Altalink appealed to the Court of Appeal of Alberta. The majority decision of the Court of Appeal held that the Commission erred by only viewing the "no-harm test" as forward-looking. The Court found that there was no legislative justification for doing so.
The Majority also held that "projects that increase the likelihood of economic activity on a reserve ought to be encouraged" as they are in the public interest.[2]
Justice Feehan concurred with the Majority's reasons but further addressed Altalink's submissions that the Commission is obligated to consider the honour of the Crown and reconciliation when it engages with Indigenous collectives or their governance entities.
On the honour of the Crown, Justice Feehan noted that the Commission has a duty to consider and uphold it where it is relevant to the public interest. This responsibility is to be understood generously and purposively, not narrowly or technically.
Justice Feehan further stated that reconciliation must be incorporated in any consideration of the public interest or public goals. Notably, Justice Feehan stated:
[121] An administrative tribunal with a broad public interest mandate, such as the Commission, must address reconciliation as a social concept of rebuilding the relationship between Indigenous peoples and the Crown by considering the concerns and interests of Indigenous collectives. This includes consideration of the interests of Indigenous peoples in participating freely in the economy and having sufficient resources to self-govern effectively.[3]

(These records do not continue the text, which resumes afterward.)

(* For each $2p\in\{76, 92, 96, 108, 116, 124, 128, 144, 148, 164, 172, 188, 192, 212, 236, 244, 256, 268, 284, 288, 292, 316, 332, 348, 356\}$ there exists a set of three mutually nearly orthogonal Latin squares of order $2p$.
   Context: A Latin square of order $n$ is an $n\times n$ array with entries in $\mathbb{Z}_n$ in which each symbol occurs exactly once in every row and every column. For two Latin squares $A=[a(i,j)]$, $B=[b(i,j)]$ of order $n$ let $O$ be the multiset $\{(a(i,j),b(i,j)) : 0\le i,j\le n-1\}$. $A$ and $B$ are pseudo-orthogonal if for every $a\in\mathbb{Z}_n$ the number of distinct ordered pairs in $O$ with first coordinate $a$ is exactly $n-1$. They are nearly orthogonal if they are pseudo-orthogonal and $O$ contains no pair of the form $(a,a)$. A set of Latin squares is mutually nearly orthogonal if its members are pairwise nearly orthogonal. *)

From mathcomp Require Import all_boot.
Set Implicit Arguments. Unset Strict Implicit. Unset Printing Implicit Defensive.

Definition square (n : nat) := 'I_n -> 'I_n -> 'I_n.

Definition latin_square (n : nat) (A : square n) : Prop :=
  (forall (i s : 'I_n), #|[set j : 'I_n | A i j == s]| = 1) /\
  (forall (j s : 'I_n), #|[set i : 'I_n | A i j == s]| = 1).

(* number of distinct ordered pairs (a, b) in the multiset O with first coordinate a *)
Definition second_coords (n : nat) (A B : square n) (a : 'I_n) : {set 'I_n} :=
  [set b : 'I_n | [exists i : 'I_n, exists j : 'I_n, (A i j == a) && (B i j == b)]].

Definition pseudo_orthogonal (n : nat) (A B : square n) : Prop :=
  forall a : 'I_n, #|second_coords A B a| = n - 1.

Definition nearly_orthogonal (n : nat) (A B : square n) : Prop :=
  pseudo_orthogonal A B /\ (forall i j : 'I_n, A i j != B i j).

From HB Require Import structures.
From mathcomp Require Import all_boot all_algebra.
Import GRing.Theory.
Set Implicit Arguments. Unset Strict Implicit. Unset Printing Implicit Defensive.
Lemma deriv_on_Icc_of_Ico {V : NormedModule R_AbsRing} (f f' : R -> V) a (T : Rbar) (t : R) :
  deriv_on_Ico f f' a T -> Rbar_lt t T -> deriv_on_Icc f f' a t.
Proof.
  move=> Hf HtT s Hs eps He.
  have lt_T : forall x, x <= t -> Rbar_lt x T.
  { move=> x Hx. by apply: (Rbar_le_lt_trans x t T _ HtT). }
  have [d [Hd Hfd]] := Hf s (proj1 Hs) (lt_T s (proj2 Hs)) eps He.
  exists d. split => // s' Hs' Hss. apply: Hfd => //; [lra | apply: lt_T; lra].
Qed.

Lemma ex_RInt_cont_on_Icc {V : CompleteNormedModule R_AbsRing} (f : R -> V) a b :
  a <= b -> cont_on_Icc f a b -> ex_RInt f a b.
Proof.
  move=> Hab /(cont_on_Icc_clamp _ _ _ Hab) Hf.
  apply: (ex_RInt_ext (fun s => f (clamp a b s))); last exact: ex_RInt_continuous.
  move=> x. rewrite Rmin_left // Rmax_right // => Hx. rewrite clamp_id //. lra.
Qed.

(* The clamped function, continued affinely with slope [f'] outside [a, b], is
   differentiable on all of [a, b], including the endpoints. *)
Lemma is_derive_clamp_extension {V : NormedModule R_AbsRing} (f f' : R -> V) a b x :
  a <= b -> deriv_on_Icc f f' a b -> cont_on_Icc f' a b -> a <= x <= b ->
  is_derive (fun y => plus (f (clamp a b y)) (scal (y - clamp a b y) (f' (clamp a b y))))
    x (f' x).
Proof.
  move=> Hab Hf Hf' Hx. split; first exact: is_linear_scal_l.
  move=> x' Hx'. have Ex := @is_filter_lim_locally_unique _ R_NormedModule x x' Hx'. subst x'.
  move=> eps.
  have [d1 [Hd1 H1]] := Hf x Hx (eps / 2) ltac:(have := cond_pos eps; lra).
  have [d2 [Hd2 H2]] := Hf' x Hx (eps / 2) ltac:(have := cond_pos eps; lra).
  exists (mkposreal (Rmin d1 d2) (Rmin_pos _ _ Hd1 Hd2)) => y Hy.
  change (Rabs (y - x) < Rmin d1 d2) in Hy.
  have := Rmin_l d1 d2. have := Rmin_r d1 d2. move=> Hm2 Hm1.
  set c := clamp a b y.
  have Hc : a <= c <= b by apply: clamp_in.
  have Hcx : Rabs (c - x) <= Rabs (y - x).
  { have := clamp_dist a b y x Hab. by rewrite (clamp_id a b x Hx). }
  have Hyc : Rabs (y - c) <= Rabs (y - x) by apply: clamp_dist_to_point.
  rewrite (clamp_id a b x Hx) Rminus_diag scal_zero_l plus_zero_r.
  change (minus y x) with (y - x).
  have -> : minus (minus (plus (f c) (scal (y - c) (f' c))) (f x)) (scal (y - x) (f' x)) =
            plus (minus (minus (f c) (f x)) (scal (c - x) (f' x)))
                 (scal (y - c) (minus (f' c) (f' x))).
  { have -> : y - x = plus (c - x) (y - c) by change (y - x = (c - x) + (y - c)); ring.
    by rewrite (scal_distr_r (c - x) (y - c)) scal_minus_distr_l minus_plus_regroup. }
  apply: Rle_trans; first exact: norm_triangle.
  have Ha : norm (minus (minus (f c) (f x)) (scal (c - x) (f' x))) <= eps / 2 * Rabs (y - x).
  { apply: Rle_trans; first exact: H1 c Hc ltac:(lra).
    apply: Rmult_le_compat_l => //. have := cond_pos eps; lra. }
  have Hb : norm (scal (y - c) (minus (f' c) (f' x))) <= Rabs (y - x) * (eps / 2).
  { apply: Rle_trans; first exact: norm_scal.
    case: (Req_dec c x) => [->|Ecx].
    - rewrite minus_eq_zero norm_zero Rmult_0_r.
      apply: Rmult_le_pos; [exact: Rabs_pos | have := cond_pos eps; lra].
    - apply: Rmult_le_compat; [exact: Rabs_pos | exact: norm_ge_0 | exact: Hyc |].
      apply/Rlt_le/H2 => //. lra. }
  change (norm (y - x)) with (Rabs (y - x)). lra.
Qed.
(* Assume the setting of the context (two temperatures). For every $\gamma\in\mathcal{P}(S^2)$, $I_1(\gamma)=I^\infty(\gamma)$.
   Context: **Dynamics.** $S$ is a finite set. For $k=1,2$, $\Gamma^k$ is an irreducible intensity matrix on $S$, reversible with respect to its unique invariant distribution $\mu_k$. Set $q_k(x)=\sum_{y\ne x}\Gamma^k_{x,y}$ and $\mu=\mu_1\times\mu_2$ on $S^2$. **Weights and infinite swapping rates.** - $\rho(x_1,x_2)=\mu(x_1,x_2)/(\mu(x_1,x_2)+\mu(x_2,x_1))$. - The infinite swapping rates are $\Gamma^\infty_{(x_1,x_2),(y_1,x_2)}=\rho(x_1,x_2)\Gamma^1_{x_1,y_1}+\rho(x_2,x_1)\Gamma^2_{x_1,y_1}$ for $y_1\ne x_1$. - They are $\Gamma^\infty_{(x_1,x_2),(x_1,y_2)}=\rho(x_1,x_2)\Gamma^2_{x_2,y_2}+\rho(x_2,x_1)\Gamma^1_{x_2,y_2}$ for $y_2\ne x_2$. - All other off-diagonal rates are $0$. - $q^\infty(\mathbf{x})=\sum_{\mathbf{y}\ne\mathbf{x}}\Gamma^\infty_{\mathbf{x},\mathbf{y}}$. - $\bar\mu(x_1,x_2)=\frac12[\mu(x_1,x_2)+\mu(x_2,x_1)]$. **Map and rate functions.** - $(M\nu)(x_1,x_2)=\rho(x_1,x_2)[\nu(x_1,x_2)+\nu(x_2,x_1)]$. - For $\nu\in\mathcal{P}(S^2)$ with $\theta=\nu/\bar\mu$, $J(\nu)=\sum_{\mathbf{x}}q^\infty(\mathbf{x})\theta(\mathbf{x})\bar\mu(\mathbf{x})-\sum_{\mathbf{x}\ne\mathbf{y}}\theta^{1/2}(\mathbf{x})\theta^{1/2}(\mathbf{y})\Gamma^\infty_{\mathbf{x},\mathbf{y}}\bar\mu(\mathbf{x})$. - $I_1(\gamma)=\inf\{J(\nu):\nu\in\mathcal{P}(S^2),\ M\nu=\gamma\}$, with $\inf\emptyset=+\infty$. **Uncoupled generator.** $\Gamma$ is the rate matrix of the uncoupled process on $S^2$: $\Gamma_{(x_1,x_2),(y_1,x_2)}=\Gamma^1_{x_1,y_1}$ for $y_1\ne x_1$, and $\Gamma_{(x_1,x_2),(x_1,y_2)}=\Gamma^2_{x_2,y_2}$ for $y_2\ne x_2$. All other off-diagonal entries are $0$, and $q(x_1,x_2)=q_1(x_1)+q_2(x_2)$. **Definition of $I^\infty$.** For $\gamma\in\mathcal{P}(S^2)$ with $f=\gamma/\mu$ satisfying $f(x_1,x_2)=f(x_2,x_1)$ for all $(x_1,x_2)$, set \[ I^\infty(\gamma)=\sum_{\mathbf{x}}q(\mathbf{x})\gamma(\mathbf{x})-\sum_{\mathbf{x}\ne\mathbf{y}}f^{1/2}(\mathbf{x})f^{1/2}(\mathbf{y})\Gamma_{\mathbf{x},\mathbf{y}}\mu(\mathbf{x}). \] Otherwise set $I^\infty(\gamma)=+\infty$. *)

From HB Require Import structures.
From mathcomp Require Import all_boot all_order all_algebra.
From mathcomp Require Import all_classical all_reals ereal.
Set Implicit Arguments. Unset Strict Implicit. Unset Printing Implicit Defensive.
Import Order.TTheory GRing.Theory Num.Theory.
Local Open Scope ring_scope.
Local Open Scope classical_set_scope.

Section Defs.
Variables (R : realType) (S : finType).

Definition is_prob (T : finType) (p : T -> R) : Prop :=
  (forall x, 0 <= p x) /\ \sum_(x : T) p x = 1.

Definition is_intensity (G : S -> S -> R) : Prop :=
  (forall x y, x != y -> 0 <= G x y) /\ (forall x, \sum_(y : S) G x y = 0).

Definition irreducible (G : S -> S -> R) : Prop :=
  forall x y, connect [rel a b | (a != b) && (0 < G a b)] x y.

Definition is_invariant (G : S -> S -> R) (mu : S -> R) : Prop :=
  is_prob mu /\ forall y, \sum_(x : S) mu x * G x y = 0.

Definition reversible (G : S -> S -> R) (mu : S -> R) : Prop :=
  forall x y, mu x * G x y = mu y * G y x.

Definition qrate (G : S -> S -> R) (x : S) : R := \sum_(y : S | y != x) G x y.

Variables (G1 G2 : S -> S -> R) (mu1 mu2 : S -> R).

Definition swap (x : S * S) : S * S := (x.2, x.1).

Definition mu (x : S * S) : R := mu1 x.1 * mu2 x.2.

Definition rho (x : S * S) : R := mu x / (mu x + mu (swap x)).
(* Let $\mathbb{G}$ be an $E$-group and $\alpha_1,\alpha_2,\beta\subsetneq E$, and suppose $\mathbb{G}[\alpha_1]$ and $\mathbb{G}[\alpha_2]$ are $2$-acyclic. Then for every vertex $x$ of the free amalgam $\mathrm{Cay}(\mathbb{G}[\alpha_1])\oplus\mathrm{Cay}(\mathbb{G}[\alpha_2])$, the $\beta$-connected component of $x$ is isomorphic, as an $E$-graph, either to $\mathrm{Cay}(\mathbb{G}[\beta\cap\alpha_1])$, or to $\mathrm{Cay}(\mathbb{G}[\beta\cap\alpha_2])$, or to the free amalgam $\mathrm{Cay}(\mathbb{G}[\beta\cap\alpha_1])\oplus\mathrm{Cay}(\mathbb{G}[\beta\cap\alpha_2])$.
   Context: Let $E$ be a finite set. An $E$-group is a group $\mathbb{G}$ with $E\subseteq\mathbb{G}$ generating it and each $e\in E$ satisfying $e\neq1$, $e^2=1$; $\mathbb{G}[\gamma]$ is the subgroup generated by $\gamma\subseteq E$, regarded as a $\gamma$-group. A coset cycle of length $n\ge2$ in a $\gamma$-group $\mathbb{K}$ is $(g_i,\gamma_i)_{i\in\mathbb{Z}_n}$ with $\gamma_i\subseteq\gamma$, $g_{i+1}\in g_i\mathbb{K}[\gamma_i]$ and $g_i\mathbb{K}[\gamma_i\cap\gamma_{i-1}]\cap g_{i+1}\mathbb{K}[\gamma_i\cap\gamma_{i+1}]=\emptyset$; $2$-acyclic means there is no coset cycle of length $2$. An $E$-graph is $(V,(R_e)_{e\in E})$ with each $R_e$ symmetric and each vertex having at most one $R_e$-neighbour; an isomorphism of $E$-graphs is a bijection preserving each $R_e$ in both directions. $\mathrm{Cay}(\mathbb{G}[\gamma])$ is the $E$-graph on $\mathbb{G}[\gamma]$ with $R_e=\{(g,ge)\}$ for $e\in\gamma$ and $R_e=\emptyset$ for $e\notin\gamma$. For $\gamma_1,\gamma_2\subseteq E$, the free amalgam $\mathrm{Cay}(\mathbb{G}[\gamma_1])\oplus\mathrm{Cay}(\mathbb{G}[\gamma_2])$ is the $E$-graph whose vertex set is the quotient of $(\mathbb{G}[\gamma_1]\times\{1\})\cup(\mathbb{G}[\gamma_2]\times\{2\})$ obtained by identifying $(g,1)$ with $(g,2)$ for all $g\in\mathbb{G}[\gamma_1\cap\gamma_2]$, and whose $R_e$ is the image of $\bigcup_{i:e\in\gamma_i}\{((g,i),(ge,i)):g\in\mathbb{G}[\gamma_i]\}$. For $\beta\subseteq E$, the $\beta$-connected component of a vertex $x$ is the set of vertices reachable from $x$ along edges in $R_e$ with $e\in\beta$, with the induced $R_e$ for $e\in\beta$ and $R_e=\emptyset$ for $e\notin\beta$. *)

(* the E-group itself is an arbitrary (possibly infinite) group, given as a record. *)
From Stdlib Require Import Relations.
From mathcomp Require Import all_boot.
Set Implicit Arguments. Unset Strict Implicit. Unset Printing Implicit Defensive.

Justice Feehan's reasons also demonstrate an interesting way in which the United Nations Declaration on the Rights of Indigenous People[4] is being incorporated into jurisdictions, such as Alberta, where it has not been officially implemented. He suggests that bodies, like the Commission, can look towards UNDRIP as a tool to inform themselves of a fuller understanding of reconciliation.
Overall, both the Majority and the Concurring opinions held that Indigenous economic activity is in the public interest and must be considered by public decision-makers, such as the Commission. While it is unclear how far-reaching Justice Feehan's concurrence will be, regulators must be alive to special considerations of Indigenous economic activity and incorporate those special considerations into their decision-making when considering their public interest mandates.
[1] Altalink Management Ltd v Alberta (Utilities Commission), 2021 ABCA 342 at para 37.
[2] Altalink Management Ltd v Alberta (Utilities Commission), 2021 ABCA 342 at para 59.
[3] Altalink Management Ltd v Alberta (Utilities Commission), 2021 ABCA 342 at para 121.
[4] GA Res 61/295, UNGAOR, 61st Sess, Sup No 53, UN Doc A/61/295 (2007) 1 [UNDRIP].